The benefits of combining infrared eye tracking with the TMT task is another significant factor [62]. Research on infrared eye tracking is becoming well known for its ability to diagnose cognitive impairment. Eye tracking was employed in an ongoing study to gather objective, quantitative data on each participant’s visual, attentional, and memory functions [63]. In addition to the basic task-completion-time metric, eye tracking enabled a number of potentially insightful and sensitive measurements.

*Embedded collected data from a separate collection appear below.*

Lemma sumL_chain k : (k <= n)%N ->
  sumL k = nconf * (k%:R - 1 / 2 * \sum_(j < k) (chain_prob j).1).
Proof.
elim: k => [_|k IH hk].
  by rewrite /sumL big1 ?big_ord0 ?mulr0 ?subr0 // => e _; rewrite /cL Lbox_empty ?box0l.
rewrite sumL_step // IH ?(ltnW hk) // big_ord_recr /= (nstate_chain hk).1 -natr1.
by field.
Qed.

End ExpectedDiagonal.

Lemma ELB1_chain n : ELB n 1 = n%:R - 1 / 2 * \sum_(j < n) (chain_prob j).1.
Proof.
have -> : ELB n 1 = sumL n n / nconf n.
  by rewrite /ELB /sumL; congr (_ / _); apply: eq_bigr => e _; rewrite Rnr_Lbox.
by rewrite sumL_chain // mulrC mulKf // pnatr_eq0 expn_eq0.
Qed.

(* (6/11, 1/11) is the fixed point of the recursion defining chain_prob. *)
Definition chain_err k : rat :=
  (6 * ((chain_prob k).1 - 6 / 11) - 2 * ((chain_prob k).2 - 1 / 11)) / 11.

Lemma chain_sum_closed k :
  k%:R - 1 / 2 * \sum_(j < k) (chain_prob j).1 = 8 / 11 * k%:R - 32 / 121 + chain_err k.
Proof.
elim: k => [|k IH]; first by rewrite big_ord0 /chain_err /=; lra.
by rewrite big_ord_recr /= -natr1; move: IH; rewrite /chain_err /=; lra.
Qed.

Lemma ELB1_closed n : ELB n 1 = 8 / 11 * n%:R - 32 / 121 + chain_err n.
Proof. by rewrite ELB1_chain chain_sum_closed. Qed.

(* The linear part (U, W) |-> (U/8 - W/4, U/8 + W/4) of the recursion has
   eigenvalues of modulus 1/4 and multiplies this form by exactly 1/16. *)
Lemma chain_invariant k :
  let U := (chain_prob k).1 - 6 / 11 in let W := (chain_prob k).2 - 1 / 11 in
  (U ^+ 2 + U * W + 2 * W ^+ 2) * (2 ^+ (2 * k)) ^+ 2 = 2 / 11.
Proof.
elim: k => [|k IH] /=; first by rewrite mul1r; lra.
by rewrite mulnS exprD -IH /=; field.
Qed.

Lemma chain_err_bound k : `|chain_err k| <= 1 / 2 ^+ (2 * k).
Proof.
have := chain_invariant k => /=; rewrite /chain_err.
set U := (chain_prob k).1 - 6 / 11; set W := (chain_prob k).2 - 1 / 11.
set r : rat := 2 ^+ (2 * k) => inv.
have r_gt0 : 0 < r by rewrite exprn_gt0.
set a := U * r; set b := W * r.
have ab_inv : a ^+ 2 + a * b + 2 * b ^+ 2 = 2 / 11 by rewrite -inv /a /b; ring.
have : `|(6 * a - 2 * b) / 11| <= 1.
  have sq_le1 : ((6 * a - 2 * b) / 11) ^+ 2 <= 1 by nra.
  by rewrite ler_norml; apply/andP; split; nra.
have -> : (6 * a - 2 * b) / 11 = (6 * U - 2 * W) / 11 * r by rewrite /a /b; ring.
by rewrite normrM (gtr0_norm r_gt0) ler_pdivlMr.
Qed.

Lemma ratio_cvg_of_bounded (R : archiFieldType) (f : nat -> R) (a B : R) :
  (forall n, `|f n - a * n%:R| <= B) ->
  forall eps, 0 < eps -> exists N, forall n, (N <= n)%N -> `|f n / n%:R - a| < eps.
Proof.
move=> hB eps eps_gt0; have B_ge0 : 0 <= B := le_trans (normr_ge0 _) (hB 0%N).
exists (Num.Def.archi_bound (B / eps)).+1 => n hn.
have n_gt0 : 0 < n%:R :> R by rewrite ltr0n (leq_trans _ hn).
have Bn : B < eps * n%:R.
  rewrite mulrC -ltr_pdivrMr //; apply: lt_le_trans (archi_boundP _) _.
    by rewrite divr_ge0 // ltW.
  by rewrite ler_nat ltnW.
have -> : f n / n%:R - a = (f n - a * n%:R) / n%:R by field; rewrite lt0r_neq0.
by rewrite normrM normfV (gtr0_norm n_gt0) ltr_pdivrMr //; apply: le_lt_trans (hB n) Bn.
Qed.

Theorem mainTheorem3 :
  (exists (C : rat) (N : nat), forall n : nat, (N <= n)%N ->
     `| ELB n 1 - (8 / 11 * n%:R - 32 / 121) | <= C * n%:R / (2 ^+ (2 * n))) /\
  (forall eps : rat, 0 < eps -> exists N : nat, forall n : nat, (N <= n)%N ->
     `| ELB n 1 / n%:R - 8 / 11 | < eps).
Proof.
have pow_gt0 n : 0 < 2 ^+ (2 * n) :> rat by rewrite exprn_gt0.
split.
  exists 1, 1%N => n n_gt0; rewrite ELB1_closed addrC addKr mul1r.
  apply: le_trans (chain_err_bound n) _.
  by rewrite ler_pM2r ?invr_gt0 // ler1n.
apply: (ratio_cvg_of_bounded (f := fun n => ELB n 1) (B := 2)) => n /=.
have err_le1 : `|chain_err n| <= 1.
  by apply: le_trans (chain_err_bound n) _; rewrite ler_pdivrMr ?mul1r ?exprn_ege1.
(* Generalized first: lra would otherwise unfold chain_err. *)
rewrite ELB1_closed; move: err_le1; move: (chain_err n) (8 / 11 * n%:R) => c x.
by rewrite !ler_norml => /andP[? ?]; apply/andP; split; lra.
Qed.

The study of related works revealed a variety of cognitive deficits, including memory loss, lower visual interest, atypical visuospatial behavior, attentional disengagement, motor impairment, and impaired mobility, and their association with diseases like AD, PD, MCI, MS, ALS, HD, stroke, and epilepsy. Eye-tracking features like inattentional blindness, error rate, total completion time, scanpath comparison score, fixation duration, saccadic latency, and smooth pursuit could allow for the drawing of inferences to understand those deficits, as shown in Table 2. The eye-tracking version of the TMT provides those eye-tracking features and can allow for the drawing of inferences on detecting cognitive impairment.

In a previous study, [1], a comparison of various versions of the TMT that are performed digitally, using paper–pencil, or with eye tracking was reported. The benefits of the eye-tracking version of the TMT were also pointed out based on our findings. The study presented individual and group profiles, which aids in comprehending a group of individuals performing the TMT with a similar level of cognitive decline [1].

The proposed ETMT model is a screening tool for cognitive impairment based on the changes observed in eye-tracking measures while performing eye-tracking versions of TMT-A and TMT-B. The ETMT model provides a detailed understanding of the participant’s focused attention and visual search speed other than their cognitive impairment. By utilizing eye-tracking technology, the model enhances practitioners’ understanding of these cognitive aspects, enabling a more detailed evaluation of participants’ cognitive abilities and potential deficits.